15 MIN HUMOUS

INGREDIENTS 

- 4 tablespoons good-quality tahini

- 2–3 tablespoons cold water, or more if needed

- 4 tablespoons extra virgin olive oil

- 1/2 teaspoon ground cumin // optional 

- 3/4 teaspoon fine sea salt or Celtic sea salt or Himalayan pink salt. 

- 2 large cloves garlic, peeled and rough chopped

- Juice of 1 lemon

- 2 cups of chickpeas*, rinsed and drained if from a can or soaked overnight if making from a dry state. 

*Optional toppings: extra drizzle of olive oil, chopped fresh parsley, a sprinkle of ground sumac or paprika, toasted pine nuts

METHOD 

I like to add my Tahini to the food processor first, like lubrication for the blades. 
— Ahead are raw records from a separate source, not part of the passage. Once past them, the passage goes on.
(* Let $\alpha,\beta,\sigma>0$ and let $X\sim\mathcal{N}(\alpha,\sigma^2)$. Then $$\mathbb{E}\left[\tanh\left(\frac{\beta X}{\sigma^2}\right)\right]\ge 1-\exp\left(-\frac{\min(\alpha,\beta)\cdot\alpha}{2\sigma^2}\right).$$ *)

From HB Require Import structures.
From mathcomp Require Import all_boot all_order all_algebra.
From mathcomp Require Import all_classical all_reals all_analysis.
Set Implicit Arguments. Unset Strict Implicit. Unset Printing Implicit Defensive.
Import Order.TTheory GRing.Theory Num.Theory.
Local Open Scope ring_scope.

Definition tanh {R : realType} (x : R) : R :=
  (expR x - expR (- x)) / (expR x + expR (- x)).

From mathcomp Require Import all_boot all_order all_algebra.
From mathcomp Require Import all_classical all_reals all_analysis.
From mathcomp Require Import measurable_realfun ring lra.
Import Order.TTheory GRing.Theory Num.Theory.
Import numFieldNormedType.Exports.
Local Open Scope ring_scope.

(* Write tanh y = 1 - g y with g y = 2 / (1 + e^(2y)) and c = beta / sigma^2,
   so that the claim reads E[g (c X)] <= exp (- min(alpha, beta) alpha / (2 sigma^2)).
   Since g y <= e^(-y), E[g (c X)] is at most the moment generating function
   E[e^(-c X)] = exp (- c alpha + c^2 sigma^2 / 2), which suffices when beta <= alpha.
   When alpha < beta, pair x with -x: the density satisfies p(-x) = e^(-2 a x) p(x)
   for a = alpha / sigma^2, and g y + g (-y) e^(-2z) <= 2 e^(-z) for 0 <= z <= 2y,
   which bounds E[g (c X)] by E[e^(-a X)] = exp (- alpha^2 / (2 sigma^2)). *)

Section tanh_gap.
Context {R : realType}.
Implicit Types y z : R.

Definition tanh_gap y : R := 1 - tanh y.

Lemma tanh_gapE y : tanh_gap y = 2 / (1 + expR (2 * y)).
Proof.
have ey0 : expR y != 0 by rewrite gt_eqF ?expR_gt0.
have den0 : 1 + expR y ^+ 2 != 0 by rewrite gt_eqF // ltr_wpDr ?exprn_ge0 ?expR_ge0.
rewrite /tanh_gap /tanh expRN expRM_natl; field.
by rewrite den0 ey0.
Qed.

Lemma tanh_gap_ge0 y : 0 <= tanh_gap y.
Proof. by rewrite tanh_gapE divr_ge0 // addr_ge0 ?expR_ge0. Qed.

Lemma tanh_gap_le2 y : tanh_gap y <= 2.
Proof.
by rewrite tanh_gapE ler_pdivrMr ?ler_peMr ?lerDl ?expR_ge0 // ltr_wpDr ?expR_gt0.
Qed.

Lemma continuous_tanh_gap : continuous tanh_gap.
Proof.
move=> y; rewrite (_ : tanh_gap = fun y => 2 * (1 + expR (2 * y))^-1); last first.
  by apply/funext => ?; rewrite tanh_gapE.
apply: cvgM; first exact: cvg_cst.
apply: cvgV; first by rewrite gt_eqF // ltr_wpDr ?expR_gt0.
apply: cvgD; first exact: cvg_cst.
apply: (cvg_comp _ expR); last exact: continuous_expR.
by apply: cvgM; [exact: cvg_cst | exact: cvg_id].
Qed.

Lemma measurable_tanh_gap : measurable_fun [set: R] tanh_gap.
Proof. exact: continuous_measurable_fun continuous_tanh_gap. Qed.

Lemma tanh_gap_le_expRN y : tanh_gap y <= expR (- y).
Proof.
rewrite tanh_gapE expRN expRM_natl ler_pdivrMr ?ltr_wpDr ?exprn_gt0 ?expR_gt0 //.
rewrite mulrC ler_pdivlMr ?expR_gt0 // -subr_ge0.
by rewrite (_ : _ - _ = (expR y - 1) ^+ 2) ?sqr_ge0 //; ring.
Qed.

Lemma tanh_gap_pair_le y z : 0 <= z -> z <= 2 * y ->
  tanh_gap y + tanh_gap (- y) * expR (- (2 * z)) <= 2 * expR (- z).
Proof.
move=> z0 zy; rewrite !tanh_gapE -subr_ge0.
rewrite mulrN (expRN (2 * y)) (_ : expR (- (2 * z)) = expR (- z) ^+ 2); last first.
  by rewrite -expRM_natl mulrN.
have u1 : expR (- z) <= 1 by rewrite expR_le1 oppr_le0.
have uE : 1 <= expR (- z) * expR (2 * y).
  by rewrite -expRD -[leLHS]expR0 ler_expR addrC subr_ge0.
set E := expR (2 * y); set u := expR (- z).
have E0 : 0 < E by exact: expR_gt0.
rewrite (_ : _ - _ = 2 * (1 - u) * (u * E - 1) / (1 + E)).
  by rewrite !mulr_ge0 ?invr_ge0 ?subr_ge0 // addr_ge0 // ltW.
by field; rewrite !gt_eqF // ?addr_gt0.
Qed.

End tanh_gap.

Section symmetric_integral.
Context {R : realType}.
Local Notation mu := (@lebesgue_measure R).
Local Open Scope classical_set_scope.
Local Open Scope ereal_scope.

Lemma ge0_integral_symmetrize (f : R -> \bar R) :
  measurable_fun [set: R] f -> (forall x, 0 <= f x) ->
  \int[mu]_x f x = \int[mu]_(x in `[0%R, +oo[) (f x + f (- x)%R).
Proof.
move=> mf f0.
have mfN : measurable_fun [set: R] (fun x => f (- x)%R).
  exact: measurableT_comp.
have -> : [set: R] = `]-oo, 0%R] `|` `]0%R, +oo[.
  apply/seteqP; split => x //= _.
  by rewrite !in_itv /= andbT; case: (leP x 0%R) => _; [left|right].
rewrite ge0_integral_setU //=; last 2 first.
- exact: measurable_funTS.
- apply/disj_setPS => x [] /=; rewrite !in_itv /= andbT => x0 x0'.
  by move: (lt_le_trans x0' x0); rewrite ltxx.
rewrite integral_itv_obnd_cbnd; last exact: measurable_funTS.
have := ge0_integration_by_substitution0 mfN (fun x => f0 _).
under [in X in _ = X -> _]eq_integral do rewrite opprK.
move <-; rewrite addeC ge0_integralD //=.
all: by [move=> x _ | exact: measurable_funTS].
Qed.

Lemma ge0_le_integral_symmetric (f g : R -> \bar R) :
  measurable_fun [set: R] f -> measurable_fun [set: R] g ->
  (forall x, 0 <= f x) -> (forall x, 0 <= g x) ->
  (forall x, (0 <= x)%R -> f x + f (- x)%R <= g x + g (- x)%R) ->
  \int[mu]_x f x <= \int[mu]_x g x.
Proof.
move=> mf mg f0 g0 fg.
rewrite (ge0_integral_symmetrize _ mf f0) (ge0_integral_symmetrize _ mg g0).
have mN (h : R -> \bar R) : measurable_fun [set: R] h ->
    measurable_fun (`[0%R, +oo[ : set R) (fun x => h x + h (- x)%R).
  move=> mh; apply/measurable_funTS/emeasurable_funD => //.
  exact: measurableT_comp.
apply: ge0_le_integral => //=; [|exact: mN|exact: mN|].
- by move=> x _; rewrite adde_ge0.
by move=> x; rewrite /= in_itv /= andbT; exact: fg.
Qed.

End symmetric_integral.

Section normal_distribution.
Context {R : realType}.
Local Notation mu := (@lebesgue_measure R).
Implicit Types m s t x : R.

Lemma normal_pdfN m s x : s != 0 ->
  normal_pdf m s (- x) = expR (- (2 * (m / s ^+ 2 * x))) * normal_pdf m s x.
Proof.
move=> s0; rewrite /normal_pdf (negbTE s0) /normal_fun.
by rewrite [RHS]mulrCA -expRD; congr (_ * expR _); rewrite -mulr_natr; field.
Qed.

Lemma normal_pdf_tilt m s t x : s != 0 ->
  expR (t * x) * normal_pdf m s x =
  expR (t * m + t ^+ 2 * s ^+ 2 / 2) * normal_pdf (m + t * s ^+ 2) s x.
Proof.
move=> s0; rewrite /normal_pdf (negbTE s0) /normal_fun.
by rewrite mulrCA [RHS]mulrCA -!expRD; congr (_ * expR _); rewrite -mulr_natr; field.
Qed.

Lemma normal_mgf m s t : s != 0 ->
  (\int[mu]_x (expR (t * x) * normal_pdf m s x)%:E =
   (expR (t * m + t ^+ 2 * s ^+ 2 / 2))%:E)%E.
Proof.
move=> s0; under eq_integral do rewrite normal_pdf_tilt // EFinM.
rewrite ge0_integralZl //=; first by rewrite integral_normal_pdf mule1.
- apply/measurable_EFinP; exact: measurable_normal_pdf.
- by move=> x _; rewrite lee_fin normal_pdf_ge0.
Qed.

Lemma ge0_integral_normal_prob m s (g : R -> \bar R) :
  (forall x, (0 <= g x)%E) -> measurable_fun [set: R] g ->
  (\int[normal_prob m s]_x g x = \int[mu]_x (g x * (normal_pdf m s x)%:E))%E.
Proof.
move=> g0 mg; have dom := normal_prob_dominates m s.
(* normal_pdf is a Radon-Nikodym derivative of normal_prob, hence a.e. equal to the canonical one *)
rewrite -(Radon_Nikodym_SigmaFinite.change_of_variables dom) //.
apply: ae_eq_integral => //.
- apply: emeasurable_funM => //.
  exact: measurable_int (Radon_Nikodym_SigmaFinite.f_integrable dom).
- apply: emeasurable_funM => //; apply/measurableT_comp => //.
  exact: measurable_normal_pdf.
apply: ae_eqe_mul2l; apply: integral_ae_eq => //.
- exact: Radon_Nikodym_SigmaFinite.f_integrable.
- by apply/measurableT_comp => //; exact: measurable_normal_pdf.
by move=> E _ mE; rewrite -Radon_Nikodym_SigmaFinite.f_integral.
Qed.

End normal_distribution.

Section normal_tanh_gap.
Context {R : realType}.
Local Notation mu := (@lebesgue_measure R).
Variables (m s : R).
Hypothesis s0 : s != 0.
Implicit Types c x : R.

Local Notation pdf := (normal_pdf m s).

Let measurable_mul_pdf (f : R -> R) c : measurable_fun [set: R] f ->
  measurable_fun [set: R] (fun x => (f (c * x) * pdf x)%:E).
Proof.
move=> mf; apply/measurable_EFinP/measurable_funM; last exact: measurable_normal_pdf.
exact: measurableT_comp mf (measurable_funM _ _).
Qed.

Lemma normal_tanh_gap_le_mgf c :
  (\int[mu]_x (tanh_gap (c * x) * pdf x)%:E <=
   (expR (- c * m + c ^+ 2 * s ^+ 2 / 2))%:E)%E.
Proof.
rewrite -[c ^+ 2]sqrrN -normal_mgf //; apply: ge0_le_integral => //=.
- by move=> x _; rewrite lee_fin mulr_ge0 ?tanh_gap_ge0 ?normal_pdf_ge0.
- apply: measurable_mul_pdf; exact: measurable_tanh_gap.
- apply: measurable_mul_pdf; exact: measurable_expR.
move=> x _; rewrite lee_fin ler_wpM2r ?normal_pdf_ge0 // mulNr.
exact: tanh_gap_le_expRN.
Qed.

Lemma normal_tanh_gap_le_sqr_mean c : 0 <= m -> m <= 2 * c * s ^+ 2 ->
  (\int[mu]_x (tanh_gap (c * x) * pdf x)%:E <=
   (expR (- (m ^+ 2 / (2 * s ^+ 2))))%:E)%E.
Proof.
move=> m0 m2c; set a := m / s ^+ 2.
have s2 : 0 < s ^+ 2 by rewrite exprn_even_gt0.
have a0 : 0 <= a by rewrite divr_ge0 // ltW.
have a2c : a <= 2 * c by rewrite ler_pdivrMr.
have -> : - (m ^+ 2 / (2 * s ^+ 2)) = - a * m + (- a) ^+ 2 * s ^+ 2 / 2.
  by rewrite /a; field.
rewrite -normal_mgf //; apply: ge0_le_integral_symmetric.
- apply: measurable_mul_pdf; exact: measurable_tanh_gap.
- apply: measurable_mul_pdf; exact: measurable_expR.
- by move=> x; rewrite lee_fin mulr_ge0 ?tanh_gap_ge0 ?normal_pdf_ge0.
- by move=> x; rewrite lee_fin mulr_ge0 ?expR_ge0 ?normal_pdf_ge0.
move=> x x0; rewrite -!EFinD lee_fin !normal_pdfN // mulrN mulNr mulrNN.
have ax0 : 0 <= a * x by rewrite mulr_ge0.
have axc : a * x <= 2 * (c * x) by rewrite mulrA ler_wpM2r.
have -> : expR (a * x) * (expR (- (2 * (a * x))) * pdf x) = expR (- (a * x)) * pdf x.
  by rewrite mulrA -expRD; congr (expR _ * _); ring.
rewrite -/a [X in _ + X]mulrA -!mulrDl -mulr2n -[expR _ *+ 2]mulr_natl.
rewrite ler_wpM2r ?normal_pdf_ge0 //.
exact: tanh_gap_pair_le.
Qed.

End normal_tanh_gap.

Lemma integral_tanhE {R : realType} d (T : measurableType d)
    (P : probability T R) (f : T -> R) : measurable_fun [set: T] f ->
  (\int[P]_x (tanh (f x))%:E = 1 - \int[P]_x (tanh_gap (f x))%:E)%E.
Proof.
move=> mf.
have mg : measurable_fun [set: T] (fun x => tanh_gap (f x)).
  exact: measurableT_comp measurable_tanh_gap mf.
have ig : P.-integrable [set: T] (EFin \o (fun x => tanh_gap (f x))).
  apply: measurable_bounded_integrable => //; first by rewrite ltey_eq fin_num_measure.
  exists 2; split; first exact: num_real.
  move=> M M2 x _ /=; rewrite ger0_norm ?tanh_gap_ge0 //.
  by rewrite (le_trans (tanh_gap_le2 _)) // ltW.
under eq_integral do rewrite -[tanh _](subKr 1) EFinB.
rewrite integralB_EFin //; last exact: finite_measure_integrable_cst.
by rewrite integral_cst //= probability_setT mul1e.
Qed.

Lemma normal_tanh_gap_le {R : realType} (m b s : R) : 0 < m -> 0 < b -> 0 < s ->
  (\int[lebesgue_measure]_x (tanh_gap (b / s ^+ 2 * x) * normal_pdf m s x)%:E <=
   (expR (- (Num.min m b * m) / (2 * s ^+ 2)))%:E)%E.
Proof.
move=> m0 b0 s0; have sN0 : s != 0 by rewrite gt_eqF.
have [bm|mb] := leP b m.
- apply: le_trans (normal_tanh_gap_le_mgf _ _ sN0 _) _.
  rewrite lee_fin ler_expR -subr_ge0.
  have -> : - (b * m) / (2 * s ^+ 2) -
      (- (b / s ^+ 2) * m + (b / s ^+ 2) ^+ 2 * s ^+ 2 / 2) =
      b * (m - b) / (2 * s ^+ 2) by field.
  by rewrite divr_ge0 ?mulr_ge0 ?subr_ge0 // ltW.
- apply: le_trans (normal_tanh_gap_le_sqr_mean _ _ sN0 _ (ltW m0) _) _.
    by rewrite -mulrA divfK ?sqrf_eq0 //; lra.
  by rewrite lee_fin ler_expR mulNr expr2.
Qed.

Theorem lemma2 (R : realType) (alpha beta sigma : R)
  (ha : 0 < alpha) (hb : 0 < beta) (hs : 0 < sigma) :
  ((1 - expR (- (Num.min alpha beta * alpha) / (2 * sigma ^+ 2)))%:E
   <= \int[normal_prob alpha sigma]_x (tanh (beta * x / sigma ^+ 2))%:E)%E.
Proof.
under eq_integral do rewrite mulrAC.
rewrite integral_tanhE; last exact: measurable_funM.
rewrite ge0_integral_normal_prob; first last.
- apply/measurable_EFinP; apply: measurableT_comp measurable_tanh_gap _.
  exact: measurable_funM.
- by move=> x; rewrite lee_fin tanh_gap_ge0.
under eq_integral do rewrite -EFinM.
by rewrite EFinB leeB // normal_tanh_gap_le.
Qed.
Then add the rest of the ingredients together and simply blend for 5 mins. 

You may need to push the chickpeas husks down the sidewalls of the food processor with a spoon. 

Quite honestly I'm very happy for my humous to be quite rustic and textured so a little bit of husk and herb roughage throughout I find quite enjoyable! 

Once all the ingredients are combines mix in your pasty and pulse repeatedly until mixed to your satisfaction. 

Serve in a bowl with a wooden spoon creating a spiral within the bowl. Poor good quality Olive oil and sprinkle black pepper or paprika on top with some fresh herbs to garnish. In mine shown in the photo, I used homegrown red cabbage seed sprouts.